Thanks CM.....I just found out, the second pair now has fry also.....I will not be able to move them until the end of june when I set up a new tank.....Hopefully they will be okay. I have about 200 fry now....WOW!!!!!


----------



## TANKER (Apr 28, 2005)

Only 200 with 2 spawning pairs? Count yourself fortunate, hehe. I typically get 150-200 per pair per spawn. You should have no problem leaving both sets of fry in your tank so long as there are no other predators besides the opposing convict groups. Convicts do an extremely good job of protecting their young. I had in one of my community tanks a small 2" female who would bully an 8" green terror away from her fry with no problem. The male and female will even tag team an opponent and drive him off.


----------



## icefisherman (May 14, 2005)

what do you do with all those fry???


----------



## TANKER (Apr 28, 2005)

Convicts are my feeder fish.

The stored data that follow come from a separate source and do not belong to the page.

Lemma functional_Rintegral_eq0_null n D w (g : T -> 'I_n -> R) (l : 'I_n -> R) :
  measurable D -> (forall z, D z -> 0 <= w z) ->
  (forall i, mu.-integrable D (EFin \o fun z => g z i * w z)) ->
  (forall i, \int[mu]_(z in D) (g z i * w z) = 0) ->
  (forall z, D z -> 0 < w z -> 0 <= \sum_i l i * g z i) ->
  exists N, [/\ measurable N, mu N = 0 &
    forall z, D z -> ~ N z -> 0 < w z -> \sum_i l i * g z i = 0].
Proof.
move=> mD w_ge0 gw_int gw0 lg_ge0.
pose F z := \sum_i l i * (g z i * w z).
have FE z : F z = (\sum_i l i * g z i) * w z.
  by rewrite mulr_suml; apply: eq_bigr => i _; rewrite mulrA.
have F_ge0 z : D z -> 0 <= F z.
  move=> Dz; rewrite FE; have [->|wz_neq0] := eqVneq (w z) 0; first by rewrite mulr0.
  have wz_gt0 : 0 < w z by rewrite lt_neqAle eq_sym wz_neq0 w_ge0.
  by rewrite mulr_ge0 ?lg_ge0 // ltW.
have F_int : mu.-integrable D (EFin \o F).
  by apply: integrable_sumr => // i; apply: integrableZl_real.
have F0 : \int[mu]_(z in D) F z = 0.
  rewrite Rintegral_sum // => [|i]; last exact: integrableZl_real.
  by rewrite big1 // => i _; rewrite RintegralZl // gw0 mulr0.
have [N [mN N0 FN]] := Rintegral_ge0_eq0_null mD F_ge0 F_int F0.
exists N; split=> // z Dz Nz wz_gt0; apply/eqP.
by have /eqP := FN z Dz Nz; rewrite FE mulf_eq0 (gt_eqF wz_gt0) orbF.
Qed.

Lemma conv_hull_Rintegral_eq0 n D w (g : T -> 'I_n -> R) :
  measurable D -> (forall z, D z -> 0 <= w z) ->
  mu.-integrable D (EFin \o w) -> 0 < \int[mu]_(z in D) w z ->
  (forall i, mu.-integrable D (EFin \o fun z => g z i * w z)) ->
  (forall i, \int[mu]_(z in D) (g z i * w z) = 0) ->
  conv_hull (g @` [set z | D z /\ 0 < w z]) 0.
Proof.
elim: n D g => [|n IH] D g mD w_ge0 w_int w_gt0 gw_int gw0;
  have [z0 Dz0 wz0] := Rintegral_gt0_witness w_ge0 w_gt0.
  by apply: sub_conv_hull; exists z0 => //; apply: funext => -[].
apply: contrapT => not_conv.
have g_cone z : D z -> 0 < w z -> cone_hull (g @` [set z | D z /\ 0 < w z]) (g z).
  by move=> Dz wz; apply: sub_cone_hull; exists z.
have [l l0 l_ge0] := convex_cone_nonneg_functional (convex_cone_hull _)
  (fun K0 => not_conv (cone_hull0 K0)) (ex_intro _ _ (g_cone z0 Dz0 wz0)).
have [N [mN N0 lg0]] := functional_Rintegral_eq0_null mD w_ge0 gw_int gw0
  (fun z Dz wz => l_ge0 _ (g_cone z Dz wz)).
have [j lj0] : exists j, l j != 0.
  apply: contrapT => l_eq0; apply: l0; apply: funext => i.
  by apply/eqP/negPn/negP => li; apply: l_eq0; exists i.
have mDN : measurable (D `\` N) by exact: measurableD.
have DN_sub : D `\` N `<=` D by move=> z [].
have supp_sub : [set z | (D `\` N) z /\ 0 < w z] `<=` [set z | D z /\ 0 < w z].
  by move=> z [[Dz _] wz].
apply: not_conv; apply: (conv_hullS (image_subset g supp_sub)).
apply: (conv_hull_lift lj0); first by move=> _ [z [[Dz Nz] wz] <-]; apply: lg0.
rewrite image_comp; apply: IH => // [z [Dz _]|||i|i].
- exact: w_ge0.
- exact: integrableS mD mDN DN_sub w_int.
- by rewrite Rintegral_setD_null.
- exact: integrableS mD mDN DN_sub (gw_int (lift j i)).
- rewrite Rintegral_setD_null //; last exact: (gw_int (lift j i)).
  exact: (gw0 (lift j i)).
Qed.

I currently have 6 mated pairs feeding all my tanks. On avg I raise 1 batch per pair per month for roughly 1200-1600 feeders monthly.


----------



## ALFA WOLF (May 24, 2005)

Thats a lot of fish do u ever sale any.


----------



## TANKER (Apr 28, 2005)

Convicts are raised as feeder fish, with the ammount of tanks I have fresh food is always in short supply.


----------



## icefisherman (May 14, 2005)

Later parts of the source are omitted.